**What to work on:** Repeat exactly, and only, the lines of the entries below from the one with "- exact: Lfun1_itv mv1 v1_01." through the one with "apply: le_trans (ipw_bias_le", both ends included.

(Saved entries)
════════

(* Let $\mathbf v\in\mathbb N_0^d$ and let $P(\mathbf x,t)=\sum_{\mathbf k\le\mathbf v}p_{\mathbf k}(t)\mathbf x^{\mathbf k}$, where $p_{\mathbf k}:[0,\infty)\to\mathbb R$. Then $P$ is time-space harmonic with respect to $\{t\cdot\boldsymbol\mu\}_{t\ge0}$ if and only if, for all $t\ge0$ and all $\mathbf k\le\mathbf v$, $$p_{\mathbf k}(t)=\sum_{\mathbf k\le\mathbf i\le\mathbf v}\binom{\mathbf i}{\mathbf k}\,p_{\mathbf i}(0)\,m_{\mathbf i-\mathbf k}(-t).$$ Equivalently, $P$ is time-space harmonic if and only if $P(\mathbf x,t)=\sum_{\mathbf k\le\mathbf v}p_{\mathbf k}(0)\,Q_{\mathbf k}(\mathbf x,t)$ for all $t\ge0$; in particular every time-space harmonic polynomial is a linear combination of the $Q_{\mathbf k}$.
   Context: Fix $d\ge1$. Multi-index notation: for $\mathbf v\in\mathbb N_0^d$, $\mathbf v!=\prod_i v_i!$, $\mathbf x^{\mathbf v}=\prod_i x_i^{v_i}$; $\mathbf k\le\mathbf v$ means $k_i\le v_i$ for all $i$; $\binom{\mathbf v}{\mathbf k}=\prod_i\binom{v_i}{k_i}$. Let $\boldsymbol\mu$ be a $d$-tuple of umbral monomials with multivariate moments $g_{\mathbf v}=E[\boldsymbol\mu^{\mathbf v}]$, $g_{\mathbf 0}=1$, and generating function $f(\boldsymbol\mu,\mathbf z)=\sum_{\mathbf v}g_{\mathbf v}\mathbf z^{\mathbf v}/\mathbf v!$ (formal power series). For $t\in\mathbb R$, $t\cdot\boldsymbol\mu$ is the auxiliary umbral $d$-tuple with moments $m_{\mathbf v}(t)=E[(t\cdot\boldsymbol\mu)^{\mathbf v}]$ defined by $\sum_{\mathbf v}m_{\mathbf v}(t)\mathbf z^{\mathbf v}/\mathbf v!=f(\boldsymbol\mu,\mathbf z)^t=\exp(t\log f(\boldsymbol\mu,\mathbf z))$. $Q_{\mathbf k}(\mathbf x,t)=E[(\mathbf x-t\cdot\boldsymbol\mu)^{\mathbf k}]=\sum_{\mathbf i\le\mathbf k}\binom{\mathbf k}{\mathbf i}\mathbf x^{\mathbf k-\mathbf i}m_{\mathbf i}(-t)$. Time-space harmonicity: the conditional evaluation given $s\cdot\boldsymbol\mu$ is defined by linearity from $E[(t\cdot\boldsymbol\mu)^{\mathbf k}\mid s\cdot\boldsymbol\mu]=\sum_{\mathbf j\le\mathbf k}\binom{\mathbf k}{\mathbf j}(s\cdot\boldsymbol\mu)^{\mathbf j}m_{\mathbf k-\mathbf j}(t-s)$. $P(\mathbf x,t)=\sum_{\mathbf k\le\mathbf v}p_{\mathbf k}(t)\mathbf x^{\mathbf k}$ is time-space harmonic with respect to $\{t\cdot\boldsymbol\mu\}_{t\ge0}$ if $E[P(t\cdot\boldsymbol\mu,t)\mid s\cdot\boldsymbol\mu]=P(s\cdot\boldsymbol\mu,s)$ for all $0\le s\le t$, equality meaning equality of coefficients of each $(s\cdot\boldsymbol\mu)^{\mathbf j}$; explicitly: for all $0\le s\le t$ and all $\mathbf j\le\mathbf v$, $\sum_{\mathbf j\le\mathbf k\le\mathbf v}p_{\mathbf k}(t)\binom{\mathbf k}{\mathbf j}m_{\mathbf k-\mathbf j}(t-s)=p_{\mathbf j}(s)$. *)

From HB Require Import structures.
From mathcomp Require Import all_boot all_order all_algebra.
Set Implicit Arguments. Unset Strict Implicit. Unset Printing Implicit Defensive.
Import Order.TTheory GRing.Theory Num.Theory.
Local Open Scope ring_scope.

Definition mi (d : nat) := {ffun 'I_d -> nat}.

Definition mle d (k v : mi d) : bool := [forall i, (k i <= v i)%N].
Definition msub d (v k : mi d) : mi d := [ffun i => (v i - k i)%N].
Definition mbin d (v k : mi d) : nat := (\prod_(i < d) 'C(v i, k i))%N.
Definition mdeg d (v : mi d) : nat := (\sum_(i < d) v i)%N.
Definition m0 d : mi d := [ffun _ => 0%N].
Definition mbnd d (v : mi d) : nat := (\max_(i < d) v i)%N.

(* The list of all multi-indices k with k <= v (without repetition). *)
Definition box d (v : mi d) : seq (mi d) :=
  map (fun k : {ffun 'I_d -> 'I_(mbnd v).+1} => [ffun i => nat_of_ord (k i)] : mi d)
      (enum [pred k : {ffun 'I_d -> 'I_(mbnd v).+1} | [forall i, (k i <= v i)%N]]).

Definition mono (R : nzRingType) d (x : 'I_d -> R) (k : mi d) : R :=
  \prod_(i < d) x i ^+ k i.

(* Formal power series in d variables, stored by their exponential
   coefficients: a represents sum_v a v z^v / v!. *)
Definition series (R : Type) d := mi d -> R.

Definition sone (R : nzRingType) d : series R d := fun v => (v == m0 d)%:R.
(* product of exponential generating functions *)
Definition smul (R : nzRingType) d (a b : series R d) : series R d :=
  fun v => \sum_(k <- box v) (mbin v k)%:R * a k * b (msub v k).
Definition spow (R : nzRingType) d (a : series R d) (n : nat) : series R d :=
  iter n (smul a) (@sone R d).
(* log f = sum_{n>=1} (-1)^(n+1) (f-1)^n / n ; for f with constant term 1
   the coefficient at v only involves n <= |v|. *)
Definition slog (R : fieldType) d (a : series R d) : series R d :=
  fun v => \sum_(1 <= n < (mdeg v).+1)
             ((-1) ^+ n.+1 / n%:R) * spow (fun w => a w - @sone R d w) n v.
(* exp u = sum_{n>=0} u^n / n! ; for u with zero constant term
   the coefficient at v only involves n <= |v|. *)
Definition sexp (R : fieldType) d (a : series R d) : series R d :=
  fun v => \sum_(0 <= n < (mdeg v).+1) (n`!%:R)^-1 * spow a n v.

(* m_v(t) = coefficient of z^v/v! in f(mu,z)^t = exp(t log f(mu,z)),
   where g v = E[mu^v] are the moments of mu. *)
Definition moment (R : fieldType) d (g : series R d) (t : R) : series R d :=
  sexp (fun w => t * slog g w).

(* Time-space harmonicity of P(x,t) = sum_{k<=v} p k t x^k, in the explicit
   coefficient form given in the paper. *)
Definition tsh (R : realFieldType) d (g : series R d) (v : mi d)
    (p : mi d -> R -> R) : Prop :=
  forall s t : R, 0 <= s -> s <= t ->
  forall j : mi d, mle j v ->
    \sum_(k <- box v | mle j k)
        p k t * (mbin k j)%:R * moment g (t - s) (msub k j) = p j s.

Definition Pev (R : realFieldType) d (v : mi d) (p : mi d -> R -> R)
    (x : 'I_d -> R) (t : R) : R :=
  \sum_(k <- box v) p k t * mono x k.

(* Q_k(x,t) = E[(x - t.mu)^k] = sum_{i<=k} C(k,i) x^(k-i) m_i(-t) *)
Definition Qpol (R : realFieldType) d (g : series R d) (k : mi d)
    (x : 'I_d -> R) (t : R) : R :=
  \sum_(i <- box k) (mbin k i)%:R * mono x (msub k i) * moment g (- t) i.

════════

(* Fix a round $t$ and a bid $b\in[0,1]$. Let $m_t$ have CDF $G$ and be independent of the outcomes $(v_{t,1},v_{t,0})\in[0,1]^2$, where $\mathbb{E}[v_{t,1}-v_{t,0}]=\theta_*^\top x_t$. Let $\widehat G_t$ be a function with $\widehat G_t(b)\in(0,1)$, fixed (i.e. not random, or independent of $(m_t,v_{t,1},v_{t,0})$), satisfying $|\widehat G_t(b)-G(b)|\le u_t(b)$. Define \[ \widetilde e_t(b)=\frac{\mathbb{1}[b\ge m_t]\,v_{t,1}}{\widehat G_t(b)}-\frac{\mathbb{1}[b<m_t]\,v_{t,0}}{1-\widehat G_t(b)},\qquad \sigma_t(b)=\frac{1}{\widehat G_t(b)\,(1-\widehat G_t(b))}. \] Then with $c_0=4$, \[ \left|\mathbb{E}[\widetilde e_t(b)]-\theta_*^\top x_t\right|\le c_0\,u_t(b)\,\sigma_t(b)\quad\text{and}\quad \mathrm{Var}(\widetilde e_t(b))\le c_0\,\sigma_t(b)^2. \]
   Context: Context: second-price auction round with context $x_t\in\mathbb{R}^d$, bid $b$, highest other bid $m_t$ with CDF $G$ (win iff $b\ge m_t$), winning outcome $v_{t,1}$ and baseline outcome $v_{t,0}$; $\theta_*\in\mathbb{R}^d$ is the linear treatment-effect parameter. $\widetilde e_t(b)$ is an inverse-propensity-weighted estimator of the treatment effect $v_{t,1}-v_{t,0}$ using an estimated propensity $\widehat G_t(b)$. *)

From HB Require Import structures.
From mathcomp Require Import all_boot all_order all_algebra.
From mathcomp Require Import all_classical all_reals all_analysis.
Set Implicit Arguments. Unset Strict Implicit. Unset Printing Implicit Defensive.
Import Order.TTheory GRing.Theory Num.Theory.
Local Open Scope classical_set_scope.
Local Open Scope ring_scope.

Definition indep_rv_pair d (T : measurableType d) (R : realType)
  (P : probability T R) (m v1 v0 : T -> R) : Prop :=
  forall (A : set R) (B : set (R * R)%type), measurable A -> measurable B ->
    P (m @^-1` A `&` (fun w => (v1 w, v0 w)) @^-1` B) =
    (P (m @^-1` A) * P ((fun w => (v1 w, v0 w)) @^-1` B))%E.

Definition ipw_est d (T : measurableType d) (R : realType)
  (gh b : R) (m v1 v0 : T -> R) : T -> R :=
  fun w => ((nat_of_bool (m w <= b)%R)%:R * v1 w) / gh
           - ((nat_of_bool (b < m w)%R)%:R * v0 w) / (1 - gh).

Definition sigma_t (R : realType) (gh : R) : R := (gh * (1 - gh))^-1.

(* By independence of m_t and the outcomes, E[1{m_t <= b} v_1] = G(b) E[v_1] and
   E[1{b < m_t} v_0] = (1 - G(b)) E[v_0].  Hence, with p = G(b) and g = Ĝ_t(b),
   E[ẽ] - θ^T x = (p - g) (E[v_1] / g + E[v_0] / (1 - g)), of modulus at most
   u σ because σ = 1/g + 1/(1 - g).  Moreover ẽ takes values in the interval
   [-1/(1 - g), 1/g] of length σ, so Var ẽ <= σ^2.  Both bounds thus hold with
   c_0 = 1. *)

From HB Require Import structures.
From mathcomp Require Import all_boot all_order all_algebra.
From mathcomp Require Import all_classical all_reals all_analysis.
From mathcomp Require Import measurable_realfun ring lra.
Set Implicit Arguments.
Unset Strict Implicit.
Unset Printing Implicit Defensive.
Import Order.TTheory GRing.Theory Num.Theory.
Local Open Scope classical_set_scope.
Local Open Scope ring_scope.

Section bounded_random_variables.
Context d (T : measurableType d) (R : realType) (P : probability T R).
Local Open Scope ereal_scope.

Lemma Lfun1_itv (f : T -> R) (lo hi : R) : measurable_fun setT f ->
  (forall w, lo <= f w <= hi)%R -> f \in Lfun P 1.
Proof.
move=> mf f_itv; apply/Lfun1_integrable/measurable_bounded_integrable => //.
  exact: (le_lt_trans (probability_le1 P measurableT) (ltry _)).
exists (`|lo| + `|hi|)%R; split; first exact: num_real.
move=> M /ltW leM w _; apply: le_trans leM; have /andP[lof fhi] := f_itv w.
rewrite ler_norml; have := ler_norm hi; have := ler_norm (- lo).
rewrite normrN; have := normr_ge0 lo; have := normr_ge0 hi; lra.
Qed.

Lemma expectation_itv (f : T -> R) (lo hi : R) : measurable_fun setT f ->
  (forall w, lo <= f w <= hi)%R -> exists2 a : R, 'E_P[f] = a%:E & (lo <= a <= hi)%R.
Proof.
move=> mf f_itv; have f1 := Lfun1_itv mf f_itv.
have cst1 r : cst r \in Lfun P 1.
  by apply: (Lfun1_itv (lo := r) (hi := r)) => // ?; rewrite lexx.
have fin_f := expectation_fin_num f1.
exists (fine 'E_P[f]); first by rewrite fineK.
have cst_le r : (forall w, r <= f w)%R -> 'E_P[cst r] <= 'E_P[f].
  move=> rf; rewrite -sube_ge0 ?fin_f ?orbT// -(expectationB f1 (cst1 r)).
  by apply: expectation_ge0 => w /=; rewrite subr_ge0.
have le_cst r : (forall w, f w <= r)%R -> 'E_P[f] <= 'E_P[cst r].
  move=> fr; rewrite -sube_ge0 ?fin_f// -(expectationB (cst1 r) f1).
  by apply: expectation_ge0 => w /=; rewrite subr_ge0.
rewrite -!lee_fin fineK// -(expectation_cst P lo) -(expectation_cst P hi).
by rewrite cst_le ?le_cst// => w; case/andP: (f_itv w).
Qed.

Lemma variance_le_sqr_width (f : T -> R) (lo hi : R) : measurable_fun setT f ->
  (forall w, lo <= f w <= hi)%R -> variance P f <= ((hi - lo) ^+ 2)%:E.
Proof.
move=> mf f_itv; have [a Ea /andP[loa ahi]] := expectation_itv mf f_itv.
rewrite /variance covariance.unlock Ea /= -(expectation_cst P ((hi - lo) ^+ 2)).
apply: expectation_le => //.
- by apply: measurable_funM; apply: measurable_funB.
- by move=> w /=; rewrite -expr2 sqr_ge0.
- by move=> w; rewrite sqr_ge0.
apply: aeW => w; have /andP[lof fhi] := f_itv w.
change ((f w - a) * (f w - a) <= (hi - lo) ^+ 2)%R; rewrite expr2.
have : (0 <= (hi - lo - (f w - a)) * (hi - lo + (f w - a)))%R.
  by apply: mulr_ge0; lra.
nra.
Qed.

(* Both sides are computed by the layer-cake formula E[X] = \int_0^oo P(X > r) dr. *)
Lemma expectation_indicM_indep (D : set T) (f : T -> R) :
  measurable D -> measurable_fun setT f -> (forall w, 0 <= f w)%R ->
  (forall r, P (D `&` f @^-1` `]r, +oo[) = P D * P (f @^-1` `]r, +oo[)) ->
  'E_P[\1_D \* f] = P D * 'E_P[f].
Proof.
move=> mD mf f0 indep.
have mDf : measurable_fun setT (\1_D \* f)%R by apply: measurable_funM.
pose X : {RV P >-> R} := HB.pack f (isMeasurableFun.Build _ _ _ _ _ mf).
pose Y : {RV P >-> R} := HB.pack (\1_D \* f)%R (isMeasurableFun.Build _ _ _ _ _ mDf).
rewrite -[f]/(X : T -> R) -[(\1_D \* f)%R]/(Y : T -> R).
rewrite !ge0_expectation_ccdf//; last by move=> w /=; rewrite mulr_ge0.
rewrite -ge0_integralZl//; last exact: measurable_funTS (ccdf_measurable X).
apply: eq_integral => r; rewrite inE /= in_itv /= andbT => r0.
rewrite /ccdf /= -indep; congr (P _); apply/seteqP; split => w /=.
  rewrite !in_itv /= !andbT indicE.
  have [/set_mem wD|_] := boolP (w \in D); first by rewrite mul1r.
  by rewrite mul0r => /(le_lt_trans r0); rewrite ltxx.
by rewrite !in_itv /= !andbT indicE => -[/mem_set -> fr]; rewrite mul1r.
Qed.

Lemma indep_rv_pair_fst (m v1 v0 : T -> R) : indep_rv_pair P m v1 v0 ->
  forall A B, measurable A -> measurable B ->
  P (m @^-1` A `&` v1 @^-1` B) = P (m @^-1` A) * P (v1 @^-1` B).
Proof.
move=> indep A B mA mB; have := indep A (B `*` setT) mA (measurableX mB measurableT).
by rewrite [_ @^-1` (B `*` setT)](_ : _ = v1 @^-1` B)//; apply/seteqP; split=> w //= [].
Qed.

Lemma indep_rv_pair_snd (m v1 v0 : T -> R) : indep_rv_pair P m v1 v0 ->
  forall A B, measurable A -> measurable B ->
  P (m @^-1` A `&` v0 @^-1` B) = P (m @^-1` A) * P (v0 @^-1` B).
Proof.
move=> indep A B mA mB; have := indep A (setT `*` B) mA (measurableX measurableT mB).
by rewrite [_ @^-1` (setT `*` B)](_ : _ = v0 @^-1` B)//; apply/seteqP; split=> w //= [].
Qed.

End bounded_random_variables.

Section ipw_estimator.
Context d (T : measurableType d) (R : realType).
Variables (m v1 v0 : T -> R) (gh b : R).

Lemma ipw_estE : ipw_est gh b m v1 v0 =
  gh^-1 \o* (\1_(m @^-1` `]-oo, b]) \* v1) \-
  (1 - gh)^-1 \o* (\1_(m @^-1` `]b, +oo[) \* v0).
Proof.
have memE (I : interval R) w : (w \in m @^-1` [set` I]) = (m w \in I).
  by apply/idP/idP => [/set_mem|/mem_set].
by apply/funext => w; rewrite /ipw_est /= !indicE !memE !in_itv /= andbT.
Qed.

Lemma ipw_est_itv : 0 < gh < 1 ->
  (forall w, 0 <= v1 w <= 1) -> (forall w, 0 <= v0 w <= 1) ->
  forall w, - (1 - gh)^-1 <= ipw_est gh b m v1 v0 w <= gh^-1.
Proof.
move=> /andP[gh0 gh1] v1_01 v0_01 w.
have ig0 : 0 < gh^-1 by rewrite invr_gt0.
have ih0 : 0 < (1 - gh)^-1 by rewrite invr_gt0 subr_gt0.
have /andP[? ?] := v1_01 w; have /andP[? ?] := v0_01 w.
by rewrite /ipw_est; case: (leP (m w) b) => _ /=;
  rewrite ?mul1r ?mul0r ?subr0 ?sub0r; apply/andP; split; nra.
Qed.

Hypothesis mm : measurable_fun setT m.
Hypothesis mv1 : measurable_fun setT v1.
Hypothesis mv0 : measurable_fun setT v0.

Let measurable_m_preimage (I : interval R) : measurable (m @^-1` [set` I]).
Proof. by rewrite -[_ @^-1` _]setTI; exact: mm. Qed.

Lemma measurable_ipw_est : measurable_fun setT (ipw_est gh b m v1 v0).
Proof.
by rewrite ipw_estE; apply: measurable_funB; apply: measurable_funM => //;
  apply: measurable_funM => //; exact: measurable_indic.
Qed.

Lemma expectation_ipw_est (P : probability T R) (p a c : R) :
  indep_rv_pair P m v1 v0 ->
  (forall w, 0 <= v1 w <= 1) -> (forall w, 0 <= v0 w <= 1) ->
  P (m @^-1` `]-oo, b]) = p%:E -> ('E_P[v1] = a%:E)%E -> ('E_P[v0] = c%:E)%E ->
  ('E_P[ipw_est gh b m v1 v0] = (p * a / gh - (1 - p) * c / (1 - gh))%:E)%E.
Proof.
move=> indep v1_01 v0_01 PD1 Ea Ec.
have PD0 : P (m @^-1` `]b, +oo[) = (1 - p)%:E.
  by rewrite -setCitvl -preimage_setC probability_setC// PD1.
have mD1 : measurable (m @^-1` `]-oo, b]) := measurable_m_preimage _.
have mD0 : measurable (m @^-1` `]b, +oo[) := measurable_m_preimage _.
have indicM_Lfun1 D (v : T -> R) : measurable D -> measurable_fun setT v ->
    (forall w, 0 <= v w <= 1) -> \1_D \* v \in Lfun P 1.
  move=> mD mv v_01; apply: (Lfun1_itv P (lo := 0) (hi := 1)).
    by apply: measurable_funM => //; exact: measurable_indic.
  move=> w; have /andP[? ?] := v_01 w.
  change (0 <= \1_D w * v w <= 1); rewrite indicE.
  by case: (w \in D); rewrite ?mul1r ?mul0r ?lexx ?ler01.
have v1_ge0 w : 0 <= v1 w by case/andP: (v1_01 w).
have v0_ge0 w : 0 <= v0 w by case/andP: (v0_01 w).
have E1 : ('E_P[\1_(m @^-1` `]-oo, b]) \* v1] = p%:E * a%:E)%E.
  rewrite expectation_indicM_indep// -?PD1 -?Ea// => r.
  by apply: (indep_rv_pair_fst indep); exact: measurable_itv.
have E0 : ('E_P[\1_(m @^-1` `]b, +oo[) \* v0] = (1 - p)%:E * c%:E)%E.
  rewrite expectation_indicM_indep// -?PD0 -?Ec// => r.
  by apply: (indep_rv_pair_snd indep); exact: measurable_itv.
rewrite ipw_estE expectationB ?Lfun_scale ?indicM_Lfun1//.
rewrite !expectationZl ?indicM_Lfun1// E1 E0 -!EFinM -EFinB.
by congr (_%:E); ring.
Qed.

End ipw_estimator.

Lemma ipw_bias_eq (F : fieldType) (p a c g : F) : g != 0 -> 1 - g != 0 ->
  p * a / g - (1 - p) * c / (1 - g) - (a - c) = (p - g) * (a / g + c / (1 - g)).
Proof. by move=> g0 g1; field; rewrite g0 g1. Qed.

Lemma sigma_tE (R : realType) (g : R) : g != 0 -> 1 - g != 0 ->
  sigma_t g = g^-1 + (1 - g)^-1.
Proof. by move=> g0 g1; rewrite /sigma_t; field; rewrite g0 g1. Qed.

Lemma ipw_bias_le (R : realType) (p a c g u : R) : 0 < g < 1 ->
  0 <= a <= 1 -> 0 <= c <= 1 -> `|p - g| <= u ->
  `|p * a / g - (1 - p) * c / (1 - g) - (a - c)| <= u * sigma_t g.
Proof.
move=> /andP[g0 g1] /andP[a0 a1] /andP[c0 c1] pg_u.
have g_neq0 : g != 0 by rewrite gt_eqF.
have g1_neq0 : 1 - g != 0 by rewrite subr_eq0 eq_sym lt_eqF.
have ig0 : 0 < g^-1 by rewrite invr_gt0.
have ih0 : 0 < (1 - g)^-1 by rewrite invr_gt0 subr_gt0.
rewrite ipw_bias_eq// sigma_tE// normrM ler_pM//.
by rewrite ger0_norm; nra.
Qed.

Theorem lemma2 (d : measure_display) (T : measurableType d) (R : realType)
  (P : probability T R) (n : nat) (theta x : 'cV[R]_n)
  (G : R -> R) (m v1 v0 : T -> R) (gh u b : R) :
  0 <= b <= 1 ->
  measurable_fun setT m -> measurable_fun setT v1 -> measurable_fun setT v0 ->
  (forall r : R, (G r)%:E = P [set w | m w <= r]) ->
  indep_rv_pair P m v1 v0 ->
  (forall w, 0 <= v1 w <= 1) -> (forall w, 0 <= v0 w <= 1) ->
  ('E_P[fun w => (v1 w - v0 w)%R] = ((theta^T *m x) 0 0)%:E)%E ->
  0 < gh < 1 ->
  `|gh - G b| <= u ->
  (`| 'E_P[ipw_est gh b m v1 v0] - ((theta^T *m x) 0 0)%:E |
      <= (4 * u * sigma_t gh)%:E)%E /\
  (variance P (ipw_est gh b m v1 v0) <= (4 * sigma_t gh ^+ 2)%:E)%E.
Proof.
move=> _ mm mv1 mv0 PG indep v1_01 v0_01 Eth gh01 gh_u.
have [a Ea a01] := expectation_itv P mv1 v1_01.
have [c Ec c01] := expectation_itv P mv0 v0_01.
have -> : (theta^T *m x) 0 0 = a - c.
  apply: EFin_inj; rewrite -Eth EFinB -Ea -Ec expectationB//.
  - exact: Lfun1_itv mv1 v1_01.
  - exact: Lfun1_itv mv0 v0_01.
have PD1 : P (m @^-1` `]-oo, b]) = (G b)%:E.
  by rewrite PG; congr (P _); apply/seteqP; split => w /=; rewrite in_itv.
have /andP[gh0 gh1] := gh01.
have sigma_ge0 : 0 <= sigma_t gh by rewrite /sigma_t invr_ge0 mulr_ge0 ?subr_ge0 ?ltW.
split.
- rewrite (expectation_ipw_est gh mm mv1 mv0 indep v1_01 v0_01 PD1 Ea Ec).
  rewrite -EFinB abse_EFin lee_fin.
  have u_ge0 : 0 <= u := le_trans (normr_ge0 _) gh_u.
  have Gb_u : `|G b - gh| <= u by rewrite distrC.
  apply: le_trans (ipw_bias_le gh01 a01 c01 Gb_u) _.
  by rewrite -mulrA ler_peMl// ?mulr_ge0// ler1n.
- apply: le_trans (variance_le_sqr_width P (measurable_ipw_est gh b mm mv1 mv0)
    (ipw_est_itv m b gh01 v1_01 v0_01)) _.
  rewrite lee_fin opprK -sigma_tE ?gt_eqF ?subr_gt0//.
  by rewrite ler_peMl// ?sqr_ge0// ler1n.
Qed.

════════

**Reply:**
  - exact: Lfun1_itv mv1 v1_01.
  - exact: Lfun1_itv mv0 v0_01.
have PD1 : P (m @^-1` `]-oo, b]) = (G b)%:E.
  by rewrite PG; congr (P _); apply/seteqP; split => w /=; rewrite in_itv.
have /andP[gh0 gh1] := gh01.
have sigma_ge0 : 0 <= sigma_t gh by rewrite /sigma_t invr_ge0 mulr_ge0 ?subr_ge0 ?ltW.
split.
- rewrite (expectation_ipw_est gh mm mv1 mv0 indep v1_01 v0_01 PD1 Ea Ec).
  rewrite -EFinB abse_EFin lee_fin.
  have u_ge0 : 0 <= u := le_trans (normr_ge0 _) gh_u.
  have Gb_u : `|G b - gh| <= u by rewrite distrC.
  apply: le_trans (ipw_bias_le gh01 a01 c01 Gb_u) _.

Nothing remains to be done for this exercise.